It is convenient to deal with each of those five matters in turn. As will shortly emerge, I am not satisfied that the Registrar has established to the Briginshaw standard that Ms Peters contravened s 265-10.
Ensuring sufficient rent
The Registrar’s claim was that Ms Peters failed to “ensure” that the rent charged for the Properties was at a rate which was sufficient to cover all costs and expenses required properly to maintain the Properties. The Registrar adduced no direct evidence to establish what amount of rent would have been sufficient to ensure that the costs and expenses associated with the Properties would be met. Nor did he suggest what additional steps to those taken by Ms Peters (or, indeed, Mr Lock) should have been taken to overcome the difficulties of having tenants pay outstanding rent, other than to say that she should have resigned earlier than she did. The Registrar did not identify any person who may have been suitable and willing to replace Ms Peters had she resigned earlier. The minutes of a meeting which appear to be dated 7 December 2012 record that the meeting was mainly called to discuss Ms Peters stepping down as Chairperson (this is at odds with the agreed facts). Significantly, however, the minutes (which are in the form of a transcript of the meeting), record three people being nominated for the role to replace Ms Peters, each of whom declined the nomination. This highlights the difficulty of replacing Ms Peters. Ultimately, the minutes record Ms Peters appointing Troy Groveler and Alice Connors as Chairperson and Deputy Chairperson respectively until the next AGM, which they agreed to do jointly.
Ms Peters’ evidence, which I accept, was to the effect that she believed that the rent charged was sufficient to meet the Corporation’s relevant costs, but the problem as she saw it was that the tenants would not pay the rent. She came to that view after taking numerous steps to encourage other tenants to pay their rent arrears. She emphasised that she was not alone in that view. On 26 January 2013, after Ms Peters ceased residing in Rolph Place and after she ceased being a director, it was decided to keep the rent at the same rate.
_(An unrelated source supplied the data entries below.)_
Lemma tcoef_tens x y P R : tcoef (tens x y) P R = hcoef x P * hcoef y R.
Proof.
rewrite tcoefE !hcoefE big_flatten big_map mulr_suml; apply: eq_bigr => a _.
rewrite big_map mulr_sumr; apply: eq_bigr => b _ /=.
by case: (a.2 == P); case: (b.2 == R); rewrite ?mulr0 ?mul0r.
Qed.

Lemma hcoef_hone P : hcoef hone P = (P == [::])%:R.
Proof. by rewrite hcoefE big_seq1 eq_sym; case: (_ == _). Qed.

Lemma hcoef_map1 (s : seq forest) P : hcoef [seq (1, F) | F <- s] P = (count_mem P s)%:R.
Proof. by rewrite hcoefE big_map count_memE natr_sum; apply: eq_bigr => F _ /=; case: eqP. Qed.

Lemma hcoef_uu n P : hcoef (uu n) P = (fweight P == n)%:R.
Proof. by rewrite hcoef_map1 count_mem_forests. Qed.

Lemma hcoef_vv n P : hcoef (vv n) P = (tree_of_weight n P)%:R.
Proof.
have -> : vv n = [seq (1, F) | F <- [seq [:: t] | t <- trees_of n]] by rewrite -map_comp.
rewrite hcoef_map1; case: P => [|t [|t' P]].
- by rewrite count_memE big_map big1.
- by rewrite count_mem_map_inj ?count_mem_trees // => ? ? [].
- by rewrite count_memE big_map big1 // => u _; rewrite eqseq_cons andbC.
Qed.

Lemma tcoef_delta_forests cuts (s : seq forest) P R :
  tcoef (delta cuts [seq (1, F) | F <- s]) P R =
  (count_mem (P, R) (flatten [seq delta_forest cuts F | F <- s]))%:R.
Proof.
rewrite tcoefE big_flatten !big_map count_mem_flatten_map natr_sum; apply: eq_bigr => F _.
rewrite big_map count_memE natr_sum; apply: eq_bigr => -[Q S] _ /=.
by rewrite xpair_eqE; case: (Q == P); case: (S == R).
Qed.

Lemma tcoef_rdelta cuts x P R : tcoef (rdelta cuts x) P R =
  tcoef (delta cuts x) P R - hcoef x P * (R == [::])%:R - (P == [::])%:R * hcoef x R.
Proof. by rewrite !tcoef_cat !tcoef_tscale !tcoef_tens !hcoef_hone !mulN1r addrA. Qed.

Lemma hcoef_vv_hmul m x P : hcoef (hmul (vv m) x) P =
  if P is t :: P' then (tweight t == m)%:R * hcoef x P' else 0.
Proof.
rewrite /hmul /vv -map_comp hcoef_flatten; case: P => [|t0 P].
  by rewrite big1 // => t _; rewrite hcoefE big_map big1.
rewrite -count_mem_trees count_memE natr_sum mulr_suml; apply: eq_bigr => t _.
rewrite hcoefE big_map hcoefE mulr_sumr; apply: eq_bigr => b _ /=.
by rewrite eqseq_cons mul1r; case: (t == t0); case: (b.2 == P); rewrite ?mul1r ?mul0r.
Qed.

Lemma hcoef_hprod_vv a P : hcoef (hprod (map vv a)) P = (map tweight P == a)%:R.
Proof.
elim: a P => [|m a IH] [|t P] //=; rewrite ?hcoef_hone ?hcoef_vv_hmul //.
by rewrite IH eqseq_cons -natrM mulnb.
Qed.

Lemma hcoef_comp_sum k l P :
  hcoef (comp_sum k l) P = ((size P == l) && (fweight P == k))%:R.
Proof.
rewrite hcoef_flatten; under eq_bigr => a _ do rewrite hcoef_hprod_vv eq_sym.
rewrite -natr_sum -count_memE count_mem_comps size_map.
by rewrite all_map (introT allP) ?andbT // => t _; exact: tweight_gt0.
Qed.
(* Fix $i$ and let $N_{i1},\dots,N_{iT_i}$ be independent with $N_{it}\sim\mathrm{NB}(\lambda_{it},\alpha)$, where $\lambda_{it}=\exp(x_{it}^T\beta)$ for fixed covariates $x_{it}\in\mathbb{R}^p$ and $\alpha>0$. Let $\ell_i(\beta,\alpha)=\sum_t\log\Pr(N_{it})$ be the negative binomial log-likelihood, so that $\frac{\partial\ell_i}{\partial\beta}=\sum_t\frac{N_{it}-\lambda_{it}}{1+\alpha\lambda_{it}}x_{it}$, and let $$\frac{\partial\ell_i}{\partial\sigma^2}:=\frac12\left(\Big(\sum_t\frac{N_{it}-\lambda_{it}}{1+\alpha\lambda_{it}}\Big)^2-\sum_t\frac{N_{it}(1+\alpha\lambda_{it})^2-\alpha^2N_{it}\lambda_{it}^2-\alpha\lambda_{it}^2}{(1+\alpha\lambda_{it})^2}\right)$$ denote the score for $\sigma^2$ at $\sigma^2=0$. Then $$E\Big[\Big(\frac{\partial\ell_i}{\partial\sigma^2}\Big)^2\Big]=\frac14\left(\sum_t\frac{2\lambda_{it}^2(1+\alpha)}{(1+\alpha\lambda_{it})^2}+4\sum_{t<t'}\frac{\lambda_{it}(1+\alpha\lambda_{it})}{(1+\alpha\lambda_{it})^2}\frac{\lambda_{it'}(1+\alpha\lambda_{it'})}{(1+\alpha\lambda_{it'})^2}\right),$$ $$E\Big[\frac{\partial\ell_i}{\partial\sigma^2}\frac{\partial\ell_i}{\partial\beta}\Big]=0,\qquad E\Big[\frac{\partial\ell_i}{\partial\sigma^2}\frac{\partial\ell_i}{\partial\alpha}\Big]=\frac12\sum_t\frac{\lambda_{it}^2}{(1+\alpha\lambda_{it})^2},\qquad E\Big[-\frac{\partial^2\ell_i}{\partial\beta\,\partial\alpha}\Big]=0,$$ $$E\Big[\Big(\frac{\partial\ell_i}{\partial\alpha}\Big)^2\Big]=\sum_t\alpha^{-4}\left(\sum_{j=0}^\infty(\alpha^{-1}+j)^{-2}\Pr(N_{it}\ge j+1)-\frac{\alpha\lambda_{it}}{\lambda_{it}+\alpha^{-1}}\right).$$
   Context: $\mathrm{NB}(\lambda,\alpha)$ is the negative binomial distribution with mean $\lambda$ and variance $\lambda+\alpha\lambda^2$: $\Pr(N=n)=\frac{\Gamma(n+1/\alpha)}{\Gamma(1/\alpha)\,n!}\left(\frac{1}{1+\alpha\lambda}\right)^{1/\alpha}\left(\frac{\alpha\lambda}{1+\alpha\lambda}\right)^n$. The quantity $\partial\ell_i/\partial\sigma^2$ is the score, at $\sigma^2=0$, for the variance $\sigma^2$ of a mean-one shared random effect $\theta_i$ in the model $N_{it}\mid\theta_i\sim\mathrm{NB}(\lambda_{it}\theta_i,\alpha)$. *)

From Stdlib Require Import Reals Lra Arith Factorial.
From Coquelicot Require Import Coquelicot.
Open Scope R_scope.
Lemma Symm_phi_eq0 a : \det (rowsub top (vsval a)) != 0 -> q a = 0 -> q = 0.
Proof.
move=> detA qa0; apply/lfunP => a'; rewrite zero_lfunE.
apply: mulmx_eq0_det detA _; rewrite mul_rowsub_mx q_symm qa0 mulmx0.
by apply/matrixP => i j; rewrite !mxE.
Qed.

Lemma Symm_phi_adj a b :
  \adj (rowsub top (vsval a)) *m rowsub top (vsval b) *m q a =
  \det (rowsub top (vsval a)) *: q b.
Proof.
by rewrite -mulmxA mul_rowsub_mx -q_symm -mul_rowsub_mx mulmxA mul_adj_mx mul_scalar_mx.
Qed.

Lemma Symm_phi_eq0_kernel a (K : 'M[CC]_(n0, m)) :
  \det (rowsub top (vsval a)) != 0 -> \det (rowsub sh K) != 0 -> K *m q a = 0 -> q = 0.
Proof.
move=> detA detK Kqa0; apply: (Symm_phi_eq0 detA); apply: mulmx_eq0_det detK _.
by rewrite mul_rowsub_mx Kqa0; apply/matrixP => i j; rewrite !mxE.
Qed.

End SymmetricMaps.

Section SymmetryCertificates.

Variables n0 m : nat.
Variables top sh : 'I_m -> 'I_n0.
Implicit Types A B C : 'M[CC]_(n0, m).

(* Clearing the denominator of q(B) = A_u^-1 B_u q(A) in A q(B) = B q(A), resp. in
   B q(C) = C q(B). *)
Definition kernel2 A B : 'M[CC]_(n0, m) :=
  A *m (\adj (rowsub top A) *m rowsub top B) - \det (rowsub top A) *: B.

Definition kernel3 A B C : 'M[CC]_(n0, m) :=
  B *m (\adj (rowsub top A) *m rowsub top C) - C *m (\adj (rowsub top A) *m rowsub top B).

Definition symm_cert2 (M : 'I_2 -> 'M[CC]_(n0, m)) : CC :=
  \det (rowsub top (M 0)) * \det (rowsub sh (kernel2 (M 0) (M 1))).

Definition symm_cert3 (M : 'I_3 -> 'M[CC]_(n0, m)) : CC :=
  \det (rowsub top (M 0)) * \det (rowsub sh (kernel3 (M 0) (M 1) (M 2%:R))).

Variables (n2 : nat) (E : {vspace 'M[CC]_(n0, m)}).
Variable q : 'Hom(subvs_of E, 'M[CC]_(m, n2)).
Hypothesis q_symm : Symm_phi q.

Lemma kernel2_Symm_phi (a b : subvs_of E) : kernel2 (vsval a) (vsval b) *m q a = 0.
Proof.
rewrite mulmxBl -!mulmxA (mulmxA (\adj _)) (Symm_phi_adj _ q_symm).
by rewrite -scalemxAl -scalemxAr q_symm subrr.
Qed.

Lemma kernel3_Symm_phi (a b c : subvs_of E) :
  kernel3 (vsval a) (vsval b) (vsval c) *m q a = 0.
Proof.
rewrite mulmxBl -!mulmxA !(mulmxA (\adj _)) !(Symm_phi_adj _ q_symm).
by rewrite -!scalemxAr q_symm subrr.
Qed.

Lemma Symm_phi_eq0_cert2 (M : 'I_2 -> 'M[CC]_(n0, m)) :
  (forall s, M s \in E) -> symm_cert2 M != 0 -> q = 0.
Proof.
move=> ME; rewrite mulf_eq0 negb_or => /andP[detA detK].
pose a : subvs_of E := Sub (M 0) (ME 0); pose b : subvs_of E := Sub (M 1) (ME 1).
exact: (Symm_phi_eq0_kernel (a := a) q_symm detA detK (kernel2_Symm_phi a b)).
Qed.

Lemma Symm_phi_eq0_cert3 (M : 'I_3 -> 'M[CC]_(n0, m)) :
  (forall s, M s \in E) -> symm_cert3 M != 0 -> q = 0.
Proof.
move=> ME; rewrite mulf_eq0 negb_or => /andP[detA detK].
pose a : subvs_of E := Sub (M 0) (ME 0); pose b : subvs_of E := Sub (M 1) (ME 1).
pose c : subvs_of E := Sub (M 2%:R) (ME 2%:R).
exact: (Symm_phi_eq0_kernel (a := a) q_symm detA detK (kernel3_Symm_phi a b c)).
Qed.

End SymmetryCertificates.

Section CertificatesArePolynomial.

Variables n0 m k : nat.
Variables top sh : 'I_m -> 'I_n0.
Variable f : {ffun 'I_k -> 'I_(n0 * m)}.

Lemma is_hpoly_symm_cert2 (alpha : 'I_2 -> 'I_k -> CC) : (0 < m)%N ->
  exists d, is_hpoly d (fun x => symm_cert2 top sh (fun s => cramer_mx f (alpha s) x)).
Proof.
move=> m_gt0; have hM s := is_hpoly_cramer_mx f (alpha s).
have hA := is_hpoly_rowsub top (hM 0).
have hAB := is_hpoly_mulmx (hM 0)
  (is_hpoly_mulmx (is_hpoly_adj hA) (is_hpoly_rowsub top (hM 1))).
have hdB := is_hpoly_mxZ (is_hpoly_det hA) (hM 1).
rewrite (_ : m * 1 + 1 = 1 + (m.-1 * 1 + 1))%N in hdB; last first.
  by rewrite !muln1 !addn1 prednK // add1n.
have hK := is_hpoly_rowsub sh (is_hpoly_mxB hAB hdB).
by eexists; apply: is_hpolyM (is_hpoly_det hA) (is_hpoly_det hK).
Qed.

Lemma is_hpoly_symm_cert3 (alpha : 'I_3 -> 'I_k -> CC) :
  exists d, is_hpoly d (fun x => symm_cert3 top sh (fun s => cramer_mx f (alpha s) x)).
Proof.
have hM s := is_hpoly_cramer_mx f (alpha s).
have hA := is_hpoly_rowsub top (hM 0).
have hBC s t := is_hpoly_mulmx (hM s)
  (is_hpoly_mulmx (is_hpoly_adj hA) (is_hpoly_rowsub top (hM t))).
have hK := is_hpoly_rowsub sh (is_hpoly_mxB (hBC 1 2%:R) (hBC 2%:R 1)).
by eexists; apply: is_hpolyM (is_hpoly_det hA) (is_hpoly_det hK).
Qed.

End CertificatesArePolynomial.

Lemma generic_Symm_phi_eq0 n0 n1 n2 k r (cert : ('I_r -> 'M[CC]_(n0, n1)) -> CC)
    (M : 'I_r -> 'M[CC]_(n0, n1)) :
  (r <= k <= n0 * n1)%N -> has_dual_coords M -> cert M != 0 ->
  (forall f (alpha : 'I_r -> 'I_k -> CC),
     exists d, is_hpoly d (fun x => cert (fun s => cramer_mx f (alpha s) x))) ->
  (forall (E : {vspace 'M[CC]_(n0, n1)}) M', (forall s, M' s \in E) -> cert M' != 0 ->
     forall q : 'Hom(subvs_of E, 'M[CC]_(n1, n2)), Symm_phi q -> q = 0) ->
  exists U : {vspace 'M[CC]_(n0, n1)} -> Prop,
    [/\ zariski_open_Gr k U, exists E, U E &
        forall E, U E ->
          forall q : 'Hom(subvs_of E, 'M[CC]_(n1, n2)), Symm_phi q <-> q = 0].
Proof.
move=> r_k_N M_p certM cert_poly cert_Symm.
have [f [alpha [b0 [b0_free b0_M]]]] := exists_cramer_realization r_k_N M_p.
have [d [c cE]] := cert_poly f alpha.
pose U E := \dim E = k /\
  exists b : k.-tuple 'M[CC]_(n0, n1), basis_of E b /\ hpoly_eval c (pluecker b) != 0.
exists U; split.
- split=> [E []//|]; exists unit, (fun => d), (fun => c) => E dimE.
  by split=> [[_ [b ?]]|[_ [b ?]]]; [exists tt, b | split=> //; exists b].
- exists <<b0>>%VS; split; first by rewrite (eqP b0_free) size_tuple.
  by exists b0; rewrite /basis_of eqxx b0_free -cE (functional_extensionality _ _ b0_M).
move=> E [_ [b [/andP[/eqP Eb _] cb]]] q; split=> [|->]; last first.
  by move=> a a'; rewrite !lfunE /= !mulmx0.
apply: (cert_Symm E (fun s => cramer_mx f (alpha s) (pluecker b))); last by rewrite cE.
by move=> s; rewrite -Eb cramer_mx_in_span.
Qed.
Furthermore, as noted above, the fortnightly rent had been increased from a fortnightly figure of $270.00 to $320.00 in mid-2010, when Ms Peters was both the Chairperson and director of the Corporation. It is unclear on the evidence who initiated that increase.
In addressing this matter, it is also relevant to take into account the fact that the Corporation’s object was to provide affordable housing for Indigenous people, some of whom were welfare dependent. Understandably, therefore, market rents were not charged. Moreover, Ms Peters sought to obtain funds from other sources to pay for repair and maintenance costs, some of which were successful and others not.
I am not satisfied that the Registrar has demonstrated that the relevant conduct of Ms Peters of which he complains involves an “improper use” of her position as required by s 265-10. On the contrary, I am satisfied that the steps taken by Ms Peters in respect of the amount of rent being paid and its collection were consistent with the proper performance of her duties as a director, albeit that the conduct was unsuccessful in accomplishing her objectives.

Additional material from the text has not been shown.